JavaScript:ActionMonkey:Stage 0 Whiteboard

From MozillaWiki
Jump to navigation Jump to search

Up: JavaScript:ActionMonkey.

Stage 0: Replace SpiderMonkey's GC (jsgc) with Tamarin's GC (MMgc).

bug 387012 – ActionMonkey stage 0 tracking bug

The plan is to hollow out jsgc.c and replace it with a new implementation based on MMgc. The API in jsgc.h will be almost entirely preserved; but see "Features we will lose" below.

We'll use MMgc in non-incremental mode to start with. (It's easier. Avoid premature optimization.)

We'll build SpiderMonkey as C++, and some key types (JSObject, JSString) will become classes. This is unavoidable because MMgc's API for finalization is to subclass MMgc::GCFinalizedObject.


Features we will lose

JS_THREADSAFE - We will lose the threading model where a single JSRuntime has multiple threads, each with its own JSContext. (Firefox doesn't use this.)

ad hoc marking in JSGC_MARK_END - SpiderMonkey embedders can ("for API compatibility", according to a comment in jsgc.c) call JS_CallTracer from a JSGCCallback when it receives the JSGC_MARK_END event. I think the idea is something similar to SetGCExtraRoots(). Firefox does not use this; we will not try to preserve it. It is likely to break.


.plan

  • bug 387938 – Modify MMgc to support ActionMonkey stage 0.
  • bug 387034 - Get the build system to build Tamarin and link JS against MMgc.
  • Get at least sketchy answers to most of the questions below.
  • Do a sprint with Mardak and Brendan (if he's available) to reimplement jsgc.cpp using MMgc.
  • Debug and grow wise.

General issues

If there's anywhere a GCThing has pointers to non-GC-managed memory that contains pointers back into GC-managed memory, we have a problem. Exact GC lets you do that (you know how to traverse the non-GC-managed memory).

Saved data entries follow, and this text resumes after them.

Lemma null_of_spin_conn_shift_x1 (j0 : 'I_(n - 2)) p psi :
  val j0 = 0%N -> lam j0 != 0 ->
  spin_conn (e 0) (p + e 2) psi = spin_conn (e 0) p psi -> A *m psi = 0.
Proof.
move=> j00 lam_j0 conn_eq; apply/eqP.
rewrite -(nullgen_mul_ge2_eq0 hE n_gt1 (b := 2)) ?n_gt2 //.
have sum_e2 : \sum_(b < n) (dquadf lam (e 2) (e b))%:C *: (A *m E b *m psi) =
    (2 * lam j0)%:C *: (A *m E 2 *m psi).
  under eq_bigr => b _ do
    rewrite (dquadf_ucoord2 _ _ j00) mulr_natl mulrb (fun_if (fun x => x%:C)) rmorph0
      (fun_if (fun c => c *: _)) scale0r.
  by rewrite (sum_delta n (fun b => (2 * lam j0)%:C *: (A *m E b *m psi))) n_gt2.
move: conn_eq; rewrite !spin_connE coord_at_ucoord n_gt0 /= mulr1.
under eq_bigr => b _ do rewrite dquadfDl rmorphD scalerDl.
rewrite big_split /= sum_e2 scalerDr -[RHS]addr0 => /addrI/eqP.
by rewrite !scalemx_eq0 !fmorph_eq0 oppr_eq0 !mulf_eq0 !invr_eq0 (negPf lam_j0) pnatr_eq0.
Qed.
End SpinorConnection.

Section SpinorFields.
Variables (R : realType) (n : nat).
Local Notation pt := 'rV[R]_n.
Local Notation spinor := 'cV[R[i]]_(spin_dim n).

Lemma complexI (z w : R[i]) : cRe z = cRe w -> cIm z = cIm w -> z = w.
Proof. by case: z => a b; case: w => c d /= -> ->. Qed.

Lemma spinor_dir_eq0 X (phi : pt -> spinor) p r : spinor_dir X phi p = 0 ->
  'D_X (fun q => cRe (phi q r ord0)) p = 0 /\ 'D_X (fun q => cIm (phi q r ord0)) p = 0.
Proof.
move/matrixP/(_ r ord0)/eqP; rewrite !mxE eq_complex /= => /andP[/eqP ReD /eqP ImD].
by split; lra.
Qed.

MMgc doesn't.

I don't know that SpiderMonkey does this anywhere. If it does, one fix is to change those data structures to live in GC-managed memory. So the fix itself is easy: finding the offenders is the interesting bit.

XPConnect garbage-collects XPCWrapNative objects and its own data structures. This needs some more research. (Brendan thinks this won't affect stage 0 work.)


Specific jsgc.h APIs

What follows is a dump of everything exposed through jsgc.h. Each item is rated * (one star, an easy exercise); ** (two stars, fun little puzzle); *** (three stars, hmmmm, that's interesting). The ratings are jorendorff's guesses though. The wildest, least-educated guesses are marked with ?.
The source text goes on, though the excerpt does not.